Prof. Dr. Reinhard Herzog
Der Ertrag einer Lebensversicherungspolice setzt sich aus mehreren Komponenten zusammen: Basis ist der sogenannte Höchstrechnungszins, besser bekannt als Garantiezins. Er wird vom Gesetzgeber festgelegt und gilt für alle neu abgeschlossenen Verträge für die gesamte Laufzeit. Hinzu kommen Gewinnanteile, die je nach Vertragsart in unterschiedlicher Form berechnet werden. Bei einem aktuellen Garantiezins von 2,25% erwirtschaften die meisten Gesellschaften ihren Kunden eine Rendite zwischen 3,0% und 4,5%. Wichtig dabei: Die in den Medien publizierten Angaben beziehen sich nur auf den Sparanteil der Prämie. Da zuvor noch Risiko- sowie Verwaltungskosten abgezogen werden, liegt die reale Rendite einer Kapitallebensversicherung heute in einer Größenordnung zwischen 1,5% und 3,5%.
Heftig diskutiert wird derzeit jedoch über die Höhe des Garantiezinses. Traditionell gibt die Deutsche Aktuarvereinigung (DAV) der Bundesregierung jedes Jahr eine Empfehlung, basierend auf den Renditesätzen von Bundesanleihen. Der jüngste Vorschlag lautet auf 2,0%, gültig für alle Verträge mit Abschlussdatum ab dem 1. Januar 2012. Doch das zuständige Bundesfinanzministerium will strenger sein: In einem Entwurf zur entsprechenden Verordnung soll der Garantiezins bereits Mitte 2011 um 0,5 Prozentpunkte auf nur noch 1,75% zurückgenommen werden.
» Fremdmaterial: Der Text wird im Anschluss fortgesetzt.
(* The set $S_Z$ is empty.
   Context: All graphs are finite and simple. A graph $G$ is a minimal prime graph complement if $G$ has at least $2$ vertices and: (1) the complement $\overline{G}$ is connected; (2) $G$ is triangle-free; (3) $G$ is $3$-colorable; (4) for any two distinct nonadjacent vertices $u,v$ of $G$, adding the edge $uv$ to $G$ yields a graph that either contains a triangle or is not $3$-colorable. Standing setup: $\Gamma$ is a minimal prime graph complement with a vertex $X$ of degree $2$, whose two neighbors are $A$ and $B$. Among the vertices of $\Gamma$ other than $X,A,B$: $S_A$ is the set of those adjacent to $A$ but not $B$; $S_B$ the set of those adjacent to $B$ but not $A$; $S_Y$ the set of those adjacent to both $A$ and $B$; $S_Z$ the set of those adjacent to neither $A$ nor $B$. *)

From mathcomp Require Import all_boot.
Set Implicit Arguments. Unset Strict Implicit. Unset Printing Implicit Defensive.

Definition simple_graph (T : finType) (e : rel T) : Prop :=
  symmetric e /\ irreflexive e.

Definition compl_rel (T : finType) (e : rel T) : rel T :=
  fun x y => (x != y) && ~~ e x y.

Definition compl_connected (T : finType) (e : rel T) : Prop :=
  forall x y : T, connect (compl_rel e) x y.

Definition triangle_free (T : finType) (e : rel T) : Prop :=
  forall x y z : T, ~ [&& e x y, e y z & e x z].

Definition three_colorable (T : finType) (e : rel T) : Prop :=
  exists c : T -> 'I_3, forall x y : T, e x y -> c x != c y.

Definition add_edge (T : finType) (e : rel T) (u v : T) : rel T :=
  fun x y => [|| e x y, (x == u) && (y == v) | (x == v) && (y == u)].

Definition minimal_prime_graph_complement (T : finType) (e : rel T) : Prop :=
  [/\ 2 <= #|T|,
      compl_connected e,
      triangle_free e,
      three_colorable e &
      forall u v : T, u != v -> ~~ e u v ->
        ~ triangle_free (add_edge e u v) \/ ~ three_colorable (add_edge e u v)].

Definition S_Z (T : finType) (e : rel T) (X A B : T) : {set T} :=
  [set v | [&& v != X, v != A, v != B, ~~ e v A & ~~ e v B]].

From mathcomp Require Import all_boot.

Set Implicit Arguments.
Unset Strict Implicit.
Unset Printing Implicit Defensive.

(* Adding the edge XZ creates no triangle, since the only neighbours of X
   are A and B; by minimality the new graph is therefore not 3-colourable,
   i.e. every proper 3-colouring gives X and Z the same colour.  The same
   argument shows that every vertex outside {X, A, B} whose colour differs
   from that of X is adjacent to A or B.  Using this and triangle-freeness,
   a proper colouring c can be modified into a proper colouring in which X
   keeps its colour k while Z gets the colour a of A: with b a colour other
   than a and k, the neighbours of B other than A get k, the remaining
   neighbours of A get b, and every other vertex keeps b if it had it and
   gets a otherwise. *)

Definition proper_coloring (T : finType) (e : rel T) (c : T -> 'I_3) : Prop :=
  forall x y : T, e x y -> c x != c y.

Lemma ord3_avoid2 (i j : 'I_3) : exists m : 'I_3, (m != i) && (m != j).
Proof.
move: i j; do 2!case=> [[|[|[|//]]] ?];
  by [exists (@Ordinal 3 0 isT) | exists (@Ordinal 3 1 isT)
     | exists (@Ordinal 3 2 isT)].
Qed.

Section AddEdge.

Variables (T : finType) (e : rel T).

Lemma add_edgeP u v x y :
  add_edge e u v x y -> [\/ e x y, x = u /\ y = v | x = v /\ y = u].
Proof.
by case/or3P=> [|/andP[/eqP-> /eqP->]|/andP[/eqP-> /eqP->]]; constructor.
Qed.

Lemma proper_coloring_add_edge c u v :
  proper_coloring e c -> c u != c v -> proper_coloring (add_edge e u v) c.
Proof.
move=> c_proper cuv x y /add_edgeP[/c_proper //|[-> ->]|[-> ->]] //.
by rewrite eq_sym.
Qed.

Hypotheses (esym : symmetric e) (eirr : irreflexive e).

Lemma triangle_free_add_edge u v :
  triangle_free e -> u != v -> (forall w, e u w -> ~~ e v w) ->
  triangle_free (add_edge e u v).
Proof.
move=> tf uv no_common x y z /and3P[].
have {}no_common w : e u w || e w u -> e v w || e w v -> False.
  by rewrite ![e w _]esym !orbb => /no_common/negP.
case/add_edgeP=> [exy|[-> ->]|[-> ->]];
case/add_edgeP=> [eyz|[? ?]|[? ?]];
case/add_edgeP=> [exz|[? ?]|[? ?]]; subst;
  rewrite ?eqxx // in uv; try by apply: (tf x y z); apply/and3P.
all: match goal with
     | H : is_true (e ?w ?w) |- _ => by rewrite eirr in H
     | H1 : is_true (e ?a ?b), H2 : is_true (e ?c ?d) |- _ =>
         first [ by apply: (no_common a); rewrite ?H1 ?H2 ?orbT
               | by apply: (no_common b); rewrite ?H1 ?H2 ?orbT ]
     end.
Qed.

End AddEdge.

Lemma proper_coloring_eq_no_common_nbr (T : finType) (e : rel T) c u v :
  symmetric e -> irreflexive e -> minimal_prime_graph_complement e ->
  u != v -> ~~ e u v -> (forall w, e u w -> ~~ e v w) ->
  proper_coloring e c -> c u = c v.
Proof.
move=> esym eirr [_ _ tf _ maximal] uv nuv no_common c_proper.
apply/eqP/negPn/negP => cuv.
case: (maximal u v uv nuv); apply.
  exact: triangle_free_add_edge.
by exists c; apply: proper_coloring_add_edge.
Qed.

Section DegreeTwoVertex.

Variables (T : finType) (e : rel T) (X A B : T).
Hypotheses (esym : symmetric e) (eirr : irreflexive e).
Hypothesis mpgc : minimal_prime_graph_complement e.
Hypothesis eX : forall y, e X y = (y == A) || (y == B).

Lemma eXA : e X A. Proof. by rewrite eX eqxx. Qed.
Lemma eXB : e X B. Proof. by rewrite eX eqxx orbT. Qed.

Lemma neq_XA : X != A. Proof. by apply: contraTneq eXA => ->; rewrite eirr. Qed.

Lemma coloring_A_neq_X c : proper_coloring e c -> c A != c X.
Proof. by move=> c_proper; rewrite eq_sym; apply: c_proper eXA. Qed.

Lemma coloring_far_eq c u : proper_coloring e c ->
  u != X -> u != A -> u != B -> ~~ e u A -> ~~ e u B -> c u = c X.
Proof.
move=> c_proper uX uA uB nuA nuB; symmetry.
apply: proper_coloring_eq_no_common_nbr => //.
- by rewrite eq_sym.
- by rewrite eX negb_or uA uB.
by move=> w; rewrite eX => /orP[] /eqP->.
Qed.

Section Recolor.

Variables (c : T -> 'I_3) (b : 'I_3).

Definition recolor (v : T) : 'I_3 :=
  if v == A then c A
  else if e v B then c X
  else if (c v == b) || e v A then b
  else c A.

Hypotheses (c_proper : proper_coloring e c) (bX : b != c X) (bA : b != c A).

Lemma recolor_X : recolor X = c X.
Proof. by rewrite /recolor (negbTE neq_XA) eXB. Qed.

Lemma recolor_far u : u != A -> ~~ e u A -> ~~ e u B -> c u != b -> recolor u = c A.
Proof. by move=> uA nuA nuB cub; rewrite /recolor !ifN // negb_or cub. Qed.

Lemma recolor_nbr_A v : e v A -> recolor v != c A.
Proof.
move=> evA; have vA : v != A by apply: contraTneq evA => ->; rewrite eirr.
have cAX := coloring_A_neq_X c_proper.
by rewrite /recolor (negbTE vA) evA orbT; case: ifP; rewrite // eq_sym.
Qed.

Lemma recolor_proper : proper_coloring e recolor.
Proof.
have [_ _ tf _ _] := mpgc.
have cAX := coloring_A_neq_X c_proper.
have far_class v w : v != A -> ~~ e v A -> ~~ e v B -> e v w -> ~~ e w B ->
    c v = c X.
  move=> vA nvA nvB evw nwB; apply: coloring_far_eq => //.
    by apply: contraNneq nvB => ->; rewrite eXB.
  by apply: contraNneq nwB => vB; rewrite esym -vB.
have b_class v w : v != A -> ~~ e v B -> (c v == b) || e v A -> e v w ->
    ~~ e w B -> e v A.
  move=> vA nvB /orP[/eqP cvb|//] evw nwB; apply: contraTT bX => nvA.
  by rewrite negbK -cvb (far_class v w).
move=> x y exy.
have [xA | xA] := eqVneq x A; have [yA | yA] := eqVneq y A.
- by rewrite xA yA eirr in exy.
- by rewrite {1}/recolor xA eqxx eq_sym recolor_nbr_A // esym -xA.
- by rewrite {2}/recolor yA eqxx recolor_nbr_A // -yA.
rewrite /recolor (negbTE xA) (negbTE yA).
have [xB | nxB] := boolP (e x B); have [yB | nyB] := boolP (e y B).
- by case: (tf x y B); rewrite exy xB yB.
- by case: ifP => _; rewrite // eq_sym.
- by case: ifP.
have [xb | nxb] := boolP ((c x == b) || e x A);
  have [yb | nyb] := boolP ((c y == b) || e y A).
- have exA := b_class x y xA nxB xb exy nyB.
  have eyA : e y A by apply: (b_class y x); rewrite // esym.
  by case: (tf x y A); rewrite exy exA eyA.
- exact: bA.
- by rewrite eq_sym.
- have := c_proper exy.
  move: nxb nyb; rewrite !negb_or => /andP[_ nxA] /andP[_ nyA].
  have eyx : e y x by rewrite esym.
  by rewrite (far_class x y) // (far_class y x) // eqxx.
Qed.

End Recolor.

Lemma no_far_vertex u :
  u != X -> u != A -> u != B -> ~~ e u A -> ~~ e u B -> False.
Proof.
move=> uX uA uB nuA nuB.
have [_ _ _ [c c_proper] _] := mpgc.
have [b /andP[bX bA]] := ord3_avoid2 (c X) (c A).
have cAX := coloring_A_neq_X c_proper.
have cub : c u != b by rewrite (coloring_far_eq c_proper) // eq_sym.
have := coloring_far_eq (recolor_proper c_proper bX bA) uX uA uB nuA nuB.
by rewrite recolor_X recolor_far //; apply/eqP.
Qed.

End DegreeTwoVertex.

Theorem lemma10 (T : finType) (e : rel T) (X A B : T) :
  simple_graph e ->
  minimal_prime_graph_complement e ->
  A != B ->
  [set y | e X y] = [set A; B] ->
  S_Z e X A B = set0.
Proof.
move=> [esym eirr] mpgc _ NX.
have eX y : e X y = (y == A) || (y == B).
  by have := congr1 (fun S : {set T} => y \in S) NX; rewrite !inE.
apply/setP => u; rewrite !inE; apply/and5P => -[uX uA uB nuA nuB].
exact: (no_far_vertex esym eirr mpgc eX uX uA uB nuA nuB).
Qed.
Sinkende Versicherungssummen
Schon jetzt nützen Versicherungsvermittler die Pläne als Werbeargument, um den nach wie vor stockenden Absatz von Neuverträgen anzukurbeln. Nur ein Vertragsabschluss vor Änderung des Garantiezinses – so wird versprochen – sichere die bisherigen Renditen. Verbraucherschützer warnen indes vor übereiltem Handeln.
Zwar hat eine Herabsetzung des Garantiezinses zum einen niedrigere Versicherungssummen zur Folge, zum anderen auch geringere Ablaufleistungen, wenn die Kapitalmarktzinsen weiterhin auf Talfahrt sind und die Versicherer keine Überschüsse mehr erwirtschaften können. Wesentlich geringer ist die Bedeutung aber bei „normaler“ Entwicklung der Kapitalmarktzinsen in Form regelmäßiger Schwankungen. Denn schließlich werden dann die höheren Erträge in Form von Überschüssen an die Kunden weitergegeben, sodass sich an der Rendite letztlich nicht viel ändert. Mehr noch: Je niedriger der garantierte Rechnungszins eines Vertrags, umso liberaler kann die Gesellschaft die Kundengelder investieren. Die Folge: Die Ablaufleistung einer Police mit niedrigem Garantiezins kann grundsätzlich sogar höher ausfallen als bei den heute mit mindestens 2,25% verzinsten Verträgen.
Eigenanlage sinnvoller
Daher sollten Änderungen des Garantiezinses keinesfalls zum Anlass genommen werden, noch schnell einen Versicherungsvertrag abzuschließen. Entscheidend ist vielmehr der tatsächliche Bedarf, etwa in Verbindung mit der Absicherung der Familie oder der persönlichen Altersvorsorge. Im Klaren sollten sich Interessenten auch darüber sein, dass Lebens- und Rentenversicherungen keine „Renditerenner“ mehr sind und auch unter steuerlichen Gesichtspunkten die „goldenen Jahre“ längst vorbei sind. Oft sinnvoller ist daher die Eigenanlage, etwa in Rentenwerten und Aktien, verbunden mit einer preiswert bei einem Direktversicherer abgeschlossenen Risikolebensversicherung zur Absicherung der Familie.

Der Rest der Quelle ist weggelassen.